I haven't ever been able to make him climax either. We conceived our daughter the same way you said you all do, him finihin and puttin it in at the end. I'm really trying to cope with it and realize that I have nothing to do with it. Easier said than done of course. But I want to make it work, I wouldn't have stuck it out this long and had a child if I didn't want him in y life forever. Thanks for your input, and a much as I hate for anymore else to have to go yrhough this, it is nice to know I'm not alone. 





ioatham said:


> I completely understand where you are at; my husband has the exact same problem. We have been together for 6+ years, and he was a virgin before we met. So, needless to say he only had self stimulation before we met. It was very very difficult at first. I never blamed myself though. I realize that this is his problem, and I know that it is very psychological. My husband used to view porn a lot before we were together. He does not now, and it hasn't helped his problem. He does not masturbate without me being there.
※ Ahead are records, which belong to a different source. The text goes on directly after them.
(** With [W l = A(O_{l+1})] the sequence [delta] is an averaging dynamics
   with floor [entry_floor K0 K1 Dm e]; the diameter bounds walk lengths.
   The argument holds for arbitrary orderings. *)

Theorem mainTheorem7
  (I : R -> Prop) (U dU d2U Uinv : R -> R)
  (HI : is_interval I) (HIle : forall x, x <= 1 -> I x)
  (HdU : forall x, interior I x -> derivable_pt_lim U x (dU x))
  (Hd2U : forall x, interior I x -> derivable_pt_lim dU x (d2U x))
  (Hd2Uc : forall x, interior I x -> continuity_pt d2U x)
  (HdUpos : forall x, interior I x -> 0 < dU x)
  (Hd2Uneg : forall x, interior I x -> d2U x < 0)
  (Hincr : forall x y, I x -> I y -> x < y -> U x < U y)
  (HU0 : U 0 = 0) (HU1 : U 1 = 1)
  (HUinv : forall x, I x -> Uinv (U x) = x)
  (N : nat) (HN : (2 <= N)%nat)
  (tau : R) (Htau : 0 < tau < 1)
  (eps : nat -> nat -> R) (epsilon : R)
  (Hdiag : forall i, (i < N)%nat -> eps i i = 0)
  (Hne : forall i, (i < N)%nat -> exists j, Pre N eps i j)
  (Hsum : forall i, (i < N)%nat -> rsum (fun j => eps i j) N = epsilon)
  (Hinh : forall i j, (i < N)%nat -> (j < N)%nat -> eps i j <= 0)
  (Heps : epsilon < 0)
  (Hsc : strongly_connected N eps)
  (lc : nat) (Hlc : is_diameter N eps lc)
  (delta : nat -> nat -> R) (Ord : nat -> nat -> list nat)
  (HOrd : forall l, (1 <= l)%nat -> is_ordering N eps (Ord l))
  (Hcons : forall l, (1 <= l)%nat -> consistent N (Ord l) (delta (l - 1)%nat))
  (Hrec : forall l i, (1 <= l)%nat -> (i < N)%nat ->
     delta l i = rsum (fun j => Amat U dU Uinv tau epsilon eps (Ord l) i j * delta (l - 1)%nat j) N) :
  ((forall i, (i < N)%nat -> 0 <= delta O i) ->
   ~ (exists c, forall i, (i < N)%nat -> delta O i = c) ->
   forall l, (lc <= l)%nat -> vmax N (delta l) < vmax N (delta O))
  /\
  (exists c : R, forall i, (i < N)%nat -> Un_cv (fun l => delta l i) c).
Proof.
  destruct (level_profile_bounds I U dU d2U Uinv HIle HdU Hd2U Hd2Uc HdUpos Hd2Uneg
              Hincr HUinv HU0 tau epsilon Htau) as (Dm & K0 & K1 & HK0 & HK1 & Hprof & Hslope).
  destruct (nonzero_entries_bounded_away eps N N) as [e [He Hgap]].
  assert (Hfloor : 0 < entry_floor K0 K1 Dm e).
  { pose proof (Hprof 0 ltac:(lra)). apply entry_floor_pos; auto; lra. }
  assert (HO : forall l, is_ordering N eps (Ord (S l))) by (intros; apply HOrd; lia).
  set (W := fun l => Amat U dU Uinv tau epsilon eps (Ord (S l))).
  assert (Hd : averaged N W delta).
  { intros l i Hi. rewrite Hrec by (auto; lia). now rewrite Nat.sub_succ, Nat.sub_0_r. }
  assert (W_nonneg : forall l i j, (i < N)%nat -> (j < N)%nat -> 0 <= W l i j)
    by (intros; eapply Amat_nonneg with (Dm := Dm) (K0 := K0) (K1 := K1) (e := e); eauto).
  assert (W_stochastic : forall l i, (i < N)%nat -> rsum (W l i) N = 1)
    by (intros; eapply Amat_row_sum with (Dm := Dm) (K0 := K0) (e := e); eauto).
  assert (W_diag : forall l i, (i < N)%nat -> entry_floor K0 K1 Dm e <= W l i i)
    by (intros; eapply Amat_diag_floor; eauto).
  assert (W_edge : forall l i j, (i < N)%nat -> Pre N eps i j -> entry_floor K0 K1 Dm e <= W l i j)
    by (intros; eapply Amat_edge_floor with (K0 := K0) (K1 := K1); eauto).
  destruct Hlc as [Hwalk _].
  split.
  - intros _. eapply averaging_max_drops; eauto. lia.
  - eapply averaging_consensus; eauto. lia.
Qed.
Our only solution is to make love as usual (he is llike the energizer bunny...can go forever because of his inability to orgasm with intercourse)...so,when we are ready to be 'done', he gets himself to the point of climax, and then right before the finish line, he inserts and finishes in me. (hate to be so graphic!!) I just want you to know that you are NOT alone in this. Pornography & years of self stimulation has robbed both of us from a normal sex life. You CAN not allow this issue to ruin things between you two. As for my marriage, I had to get past it and realize that this is how he is. It isn't personal. It is what it is. At least you have been blessed with a child, considering the circumstances. We havent been so fortunate. I have tried HJ's, BJ's, never ever have I been able to make him climax. We have tried him going weeks & months without orgasm. It didn't work. I truly feel your pain, but it sounds like tour husband may be having sine libido problems also that need to be dealt with.
> _Posted via Mobile Device_


_Posted via Mobile Device_


----------



## costa200 (Jun 27, 2012)

People connecting this masturbation and porn should be aware 99% of the guys out there have masturbated and used some sort of porn for it and don't have this problem (don't ask me what the remaining 1% did). Clearly, the problem isn't too much mastuburbation and porn. This is a psychological issue that needs to be solved and is probably very specific to each man that has this problem. 

Ask your men what they use as mental image to get off. If you can get an honest answer you may work it off. Or, as alternative, try and find out what kind of porn they like. It may give you clues to what is going on.


----------



## keeper63 (Mar 22, 2012)

I would seek out a new sex therapist who specializes in this sort of thing. A urologist would likely be able to provide a referral.


----------



## SoWhat (Jan 7, 2012)

Vanquish said:


> _Posted via Mobile Device_
> 
> Is he able to stay hard the whole time?
> 
> ...



Great post.

I have DE. As far as I can tell, it has nothing to do with "death grip" (though Davelli is helpful for putting that POV out there) - I stopped masturbating for quite a while and nothing changed. When I do go "solo," it takes about 45 minutes to an hour.

I still love my GF even when I don't cum. I still love having sex with her! 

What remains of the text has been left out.